Lets say we have to data.frames:
x <- data.frame(date=c(1,2,3,1,3), id=c("a", "a", "a", "b", "b"), sum=50:54)
y <- data.frame(date=c(1,2,1,3), id=c("a", "a", "b", "b"))
x
date id sum
1 1 a 50
2 2 a 51
3 3 a 52
4 1 b 53
5 3 b 54
y
date id
1 1 a
2 2 a
3 1 b
4 3 b
Now, i want to find the row in x that has dates that is not in y, within the same id. In y we have 1, 2 and 3 in id a and in y we only have 1 and 2 in id a. How do i identify (and, preferably remove from x) row number 3 in x?
EDIT: I found a (very ugly and slow) solution, but there has to be a better and faster one? Currently im running it on two large data.frames, and first time it took more than one hour.
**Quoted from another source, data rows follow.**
(* Let $A$ be a weak bimonoid in a duoidal category $(\mathcal M,\circ,I,\bullet,J)$. For each object $M$ put $\psi_M:=((M\circ A)\bullet\mu)\cdot\zeta_{M,A,A,A}\cdot((M\bullet A)\circ\Delta):(M\bullet A)\circ A\to(M\circ A)\bullet A$. Then $\psi$ is a weak mixed distributive law between the monad $(-)\circ A$ and the comonad $(-)\bullet A$ on $\mathcal M$; that is, $\psi$ is natural and for every object $M$: (i) $((M\circ\mu)\bullet A)\cdot\psi_{M\circ A}\cdot(\psi_M\circ A)=\psi_M\cdot((M\bullet A)\circ\mu)$; (ii) $\psi_M\cdot((M\bullet A)\circ\eta)=((M\circ A)\bullet\varepsilon\bullet A)\cdot(\psi_M\bullet A)\cdot(((M\bullet A)\circ\eta)\bullet A)\cdot(M\bullet\Delta)$; (iii) $(\psi_M\bullet A)\cdot\psi_{M\bullet A}\cdot((M\bullet\Delta)\circ A)=((M\circ A)\bullet\Delta)\cdot\psi_M$; (iv) $((M\circ A)\bullet\varepsilon)\cdot\psi_M=(M\circ\mu)\cdot(((M\circ A)\bullet\varepsilon)\circ A)\cdot(\psi_M\circ A)\cdot((M\bullet A)\circ\eta\circ A)$.
   Context: Composition of morphisms is written $g\cdot f$ ($f$ first). Associativity and unit isomorphisms of both monoidal products are suppressed. A duoidal category $(\mathcal M,\circ,I,\bullet,J)$ is a category $\mathcal M$ with two monoidal structures $(\circ,I)$ and $(\bullet,J)$, morphisms $\delta:I\to I\bullet I$, $\varpi:J\circ J\to J$, $\tau:I\to J$, and a natural transformation $\zeta_{A,B,C,D}:(A\bullet B)\circ(C\bullet D)\to(A\circ C)\bullet(B\circ D)$ such that: $(J,\varpi,\tau)$ is a monoid in $(\mathcal M,\circ,I)$; $(I,\delta,\tau)$ is a comonoid in $(\mathcal M,\bullet,J)$; for all objects, $\zeta_{A,B,C\circ E,D\circ F}\cdot((A\bullet B)\circ\zeta_{C,D,E,F})=\zeta_{A\circ C,B\circ D,E,F}\cdot(\zeta_{A,B,C,D}\circ(E\bullet F))$ and $((A\circ D)\bullet\zeta_{B,C,E,F})\cdot\zeta_{A,B\bullet C,D,E\bullet F}=(\zeta_{A,B,D,E}\bullet(C\circ F))\cdot\zeta_{A\bullet B,C,D\bullet E,F}$; and $\zeta_{I,I,A,B}\cdot(\delta\circ(A\bullet B))=\mathrm{id}=\zeta_{A,B,I,I}\cdot((A\bullet B)\circ\delta)$, $(\varpi\bullet(A\circ B))\cdot\zeta_{J,A,J,B}=\mathrm{id}=((A\circ B)\bullet\varpi)\cdot\zeta_{A,J,B,J}$. A weak bimonoid is an object $A$ with a monoid structure $(\mu,\eta)$ in $(\mathcal M,\circ,I)$ and a comonoid structure $(\Delta,\varepsilon)$ in $(\mathcal M,\bullet,J)$ satisfying the following nine axioms, with $e:=\Delta\cdot\eta$ and $\bar\mu:=\varepsilon\cdot\mu$: (WB) $\Delta\cdot\mu=(\mu\bullet\mu)\cdot\zeta_{A,A,A,A}\cdot(\Delta\circ\Delta)$. (RRU) $(I\bullet A\bullet\mu\bullet A)\cdot(\zeta_{I,A,I\bullet A,A}\bullet A)\cdot(((I\bullet A)\circ(I\bullet e))\bullet A)\cdot(((I\bullet A)\circ\delta)\bullet A)\cdot(I\bullet e)\cdot\delta=(I\bullet A\bullet\Delta)\cdot(I\bullet\Delta)\cdot(I\bullet\eta)\cdot\delta$. (RLU) $(I\bullet A\bullet\mu\bullet A)\cdot(\zeta_{I\bullet A,A,I,A}\bullet A)\cdot(((I\bullet e)\circ(I\bullet A))\bullet A)\cdot((\delta\circ(I\bullet A))\bullet A)\cdot(I\bullet e)\cdot\delta=(I\bullet A\bullet\Delta)\cdot(I\bullet\Delta)\cdot(I\bullet\eta)\cdot\delta$. (LRU) $(A\bullet\mu\bullet A\bullet I)\cdot(A\bullet\zeta_{A,I,A,A\bullet I})\cdot(A\bullet((A\bullet I)\circ(e\bullet I)))\cdot(A\bullet((A\bullet I)\circ\delta))\cdot(e\bullet I)\cdot\delta=(\Delta\bullet A\bullet I)\cdot(\Delta\bullet I)\cdot(\eta\bullet I)\cdot\delta$. (LLU) $(A\bullet\mu\bullet A\bullet I)\cdot(A\bullet\zeta_{A,A\bullet I,A,I})\cdot(A\bullet((e\bullet I)\circ(A\bullet I)))\cdot(A\bullet(\delta\circ(A\bullet I)))\cdot(e\bullet I)\cdot\delta=(\Delta\bullet A\bullet I)\cdot(\Delta\bullet I)\cdot(\eta\bullet I)\cdot\delta$. (LRC) $\varpi\cdot(J\circ\bar\mu)\cdot((\varpi\bullet(J\circ A))\circ A)\cdot(((J\circ\bar\mu)\bullet(J\circ A))\circ A)\cdot(\zeta_{J\circ A,J,A,A}\circ A)\cdot(J\circ A\circ\Delta\circ A)=\varpi\cdot(J\circ\varepsilon)\cdot(J\circ\mu)\cdot(J\circ A\circ\mu)$. (LLC) $\varpi\cdot(J\circ\bar\mu)\cdot(((J\circ A)\bullet\varpi)\circ A)\cdot(((J\circ A)\bullet(J\circ\bar\mu))\circ A)\cdot(\zeta_{J,J\circ A,A,A}\circ A)\cdot(J\circ A\circ\Delta\circ A)=\varpi\cdot(J\circ\varepsilon)\cdot(J\circ\mu)\cdot(J\circ A\circ\mu)$. (RRC) $\varpi\cdot(\bar\mu\circ J)\cdot(A\circ(\varpi\bullet(A\circ J)))\cdot(A\circ((\bar\mu\circ J)\bullet(A\circ J)))\cdot(A\circ\zeta_{A,A,A\circ J,J})\cdot(A\circ\Delta\circ A\circ J)=\varpi\cdot(\varepsilon\circ J)\cdot(\mu\circ J)\cdot(\mu\circ A\circ J)$. (RLC) $\varpi\cdot(\bar\mu\circ J)\cdot(A\circ((A\circ J)\bullet\varpi))\cdot(A\circ((A\circ J)\bullet(\bar\mu\circ J)))\cdot(A\circ\zeta_{A,A,J,A\circ J})\cdot(A\circ\Delta\circ A\circ J)=\varpi\cdot(\varepsilon\circ J)\cdot(\mu\circ J)\cdot(\mu\circ A\circ J)$. The monad $(-)\circ A$ has multiplication $M\circ\mu$ and unit $M\circ\eta$; the comonad $(-)\bullet A$ has comultiplication $M\bullet\Delta$ and counit $M\bullet\varepsilon$. *)

(* Coherence isomorphisms (associators/unitors),
   which the paper suppresses, are inserted explicitly. *)
Set Implicit Arguments.
Unset Strict Implicit.

(* ---------- Categories (g · f = "f first, then g") ---------- *)
Record Cat : Type := {
  ob :> Type;
  hom : ob -> ob -> Type;
  cid : forall a, hom a a;
  comp : forall a b c, hom b c -> hom a b -> hom a c;
  comp_idl : forall a b (f : hom a b), comp (cid b) f = f;
  comp_idr : forall a b (f : hom a b), comp f (cid a) = f;
  comp_assoc : forall a b c d (h : hom c d) (g : hom b c) (f : hom a b),
      comp h (comp g f) = comp (comp h g) f }.
Arguments hom {_} _ _.
Arguments cid {_} _.
Arguments comp {_ _ _ _} _ _.
Notation "g · f" := (comp g f) (at level 50, left associativity).

Record MonOps (C : Cat) := {
  tens : C -> C -> C;
  tensm : forall a b c d : C, hom a b -> hom c d -> hom (tens a c) (tens b d);
  munit : C;
  asc : forall a b c : C, hom (tens (tens a b) c) (tens a (tens b c));
  asci : forall a b c : C, hom (tens a (tens b c)) (tens (tens a b) c);
  lu : forall a : C, hom (tens munit a) a;
  lui : forall a : C, hom a (tens munit a);
  ru : forall a : C, hom (tens a munit) a;
  rui : forall a : C, hom a (tens a munit) }.
Arguments tens {C} _ _ _.
Arguments tensm {C} _ {a b c d} _ _.
Arguments munit {C} _.
Arguments asc {C} _ _ _ _.
Arguments asci {C} _ _ _ _.
Arguments lu {C} _ _.
Arguments lui {C} _ _.
Arguments ru {C} _ _.
Arguments rui {C} _ _.

Record MonLaws (C : Cat) (M : MonOps C) : Prop := {
  tensm_id : forall a b : C, tensm M (cid a) (cid b) = cid (tens M a b);
  tensm_comp : forall (a1 a2 a3 b1 b2 b3 : C) (f1 : hom a1 a2) (f2 : hom a2 a3)
      (g1 : hom b1 b2) (g2 : hom b2 b3),
      tensm M (f2 · f1) (g2 · g1) = tensm M f2 g2 · tensm M f1 g1;
  asc_iso1 : forall a b c : C, asci M a b c · asc M a b c = cid _;
  asc_iso2 : forall a b c : C, asc M a b c · asci M a b c = cid _;
  asc_nat : forall (a a' b b' c c' : C) (f : hom a a') (g : hom b b') (h : hom c c'),
      asc M a' b' c' · tensm M (tensm M f g) h = tensm M f (tensm M g h) · asc M a b c;
  lu_iso1 : forall a : C, lui M a · lu M a = cid _;
  lu_iso2 : forall a : C, lu M a · lui M a = cid _;
  lu_nat : forall (a b : C) (f : hom a b), f · lu M a = lu M b · tensm M (cid (munit M)) f;
  ru_iso1 : forall a : C, rui M a · ru M a = cid _;
  ru_iso2 : forall a : C, ru M a · rui M a = cid _;
  ru_nat : forall (a b : C) (f : hom a b), f · ru M a = ru M b · tensm M f (cid (munit M));
  pentagon : forall a b c d : C,
      asc M a b (tens M c d) · asc M (tens M a b) c d
      = tensm M (cid a) (asc M b c d) · asc M a (tens M b c) d · tensm M (asc M a b c) (cid d);
  triangle : forall a b : C,
      tensm M (cid a) (lu M b) · asc M a (munit M) b = tensm M (ru M a) (cid b) }.

Record Monoidal (C : Cat) := { mops :> MonOps C; mlaws : MonLaws mops }.

Record DuoOps (C : Cat) := {
  dO : Monoidal C;
  dB : Monoidal C;
  dDelta : hom (munit dO) (tens dB (munit dO) (munit dO));
  dVarpi : hom (tens dO (munit dB) (munit dB)) (munit dB);
  dTau : hom (munit dO) (munit dB);
  dZeta : forall a b c d : C,
      hom (tens dO (tens dB a b) (tens dB c d)) (tens dB (tens dO a c) (tens dO b d)) }.
Arguments dO {C} _.
Arguments dB {C} _.
Arguments dDelta {C} _.
Arguments dVarpi {C} _.
Arguments dTau {C} _.
Arguments dZeta {C} _ _ _ _ _.

Section DuoidalLaws.
Variables (C : Cat) (D : DuoOps C).
Local Notation "a ⊙ b" := (tens (dO D) a b) (at level 40, left associativity).
Local Notation "a ⊛ b" := (tens (dB D) a b) (at level 40, left associativity).
Local Notation "f ⊙' g" := (tensm (dO D) f g) (at level 40, left associativity).
Local Notation "f ⊛' g" := (tensm (dB D) f g) (at level 40, left associativity).
Local Notation I := (munit (dO D)).
Local Notation J := (munit (dB D)).
Local Notation δ := (dDelta D).
Local Notation ϖ := (dVarpi D).
Local Notation τ := (dTau D).
Local Notation ζ := (dZeta D).

Record DuoLaws : Prop := {
  zeta_nat : forall (a a' b b' c c' d d' : C) (f : hom a a') (g : hom b b')
      (h : hom c c') (k : hom d d'),
      ζ a' b' c' d' · ((f ⊛' g) ⊙' (h ⊛' k)) = ((f ⊙' h) ⊛' (g ⊙' k)) · ζ a b c d;
  varpi_assoc : ϖ · (ϖ ⊙' cid J) = ϖ · (cid J ⊙' ϖ) · asc (dO D) J J J;
  varpi_lunit : ϖ · (τ ⊙' cid J) = lu (dO D) J;
  varpi_runit : ϖ · (cid J ⊙' τ) = ru (dO D) J;
  delta_coassoc : (δ ⊛' cid I) · δ = asci (dB D) I I I · (cid I ⊛' δ) · δ;
  delta_lcounit : (τ ⊛' cid I) · δ = lui (dB D) I;
  delta_rcounit : (cid I ⊛' τ) · δ = rui (dB D) I;
  zeta_assoc_o : forall a b c d e f : C,
      (asc (dO D) a c e ⊛' asc (dO D) b d f) · ζ (a ⊙ c) (b ⊙ d) e f
        · (ζ a b c d ⊙' cid (e ⊛ f))
      = ζ a b (c ⊙ e) (d ⊙ f) · (cid (a ⊛ b) ⊙' ζ c d e f)
        · asc (dO D) (a ⊛ b) (c ⊛ d) (e ⊛ f);
  zeta_assoc_b : forall a b c d e f : C,
      asc (dB D) (a ⊙ d) (b ⊙ e) (c ⊙ f) · (ζ a b d e ⊛' cid (c ⊙ f))
        · ζ (a ⊛ b) c (d ⊛ e) f
      = (cid (a ⊙ d) ⊛' ζ b c e f) · ζ a (b ⊛ c) d (e ⊛ f)
        · (asc (dB D) a b c ⊙' asc (dB D) d e f);
  zeta_delta_l : forall a b : C,
      (lu (dO D) a ⊛' lu (dO D) b) · ζ I I a b · (δ ⊙' cid (a ⊛ b)) = lu (dO D) (a ⊛ b);
  zeta_delta_r : forall a b : C,
      (ru (dO D) a ⊛' ru (dO D) b) · ζ a b I I · (cid (a ⊛ b) ⊙' δ) = ru (dO D) (a ⊛ b);
  zeta_varpi_l : forall a b : C,
      lu (dB D) (a ⊙ b) · (ϖ ⊛' cid (a ⊙ b)) · ζ J a J b = lu (dB D) a ⊙' lu (dB D) b;
  zeta_varpi_r : forall a b : C,
      ru (dB D) (a ⊙ b) · (cid (a ⊙ b) ⊛' ϖ) · ζ a J b J = ru (dB D) a ⊙' ru (dB D) b }.
End DuoidalLaws.

Record Duoidal (C : Cat) := { dops :> DuoOps C; dlaws : DuoLaws dops }.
I need to run it multiple times, so any help would be appreciated.
z <- data.frame()
for (f in 1:length(unique(x$id))) { #Run the iteration for all the unique id's in x
id <- unique(x$id)[f] #find the name of the id in this iteriation
a <- x[x$id==id,] #subset x
b <- y[y$id==id,] #subset y
x.new <- a[a$date%in%unique(b$date),] #find the dates that are in x and also in y
z <- rbind(z, x.new) #bind the two data.frames together
}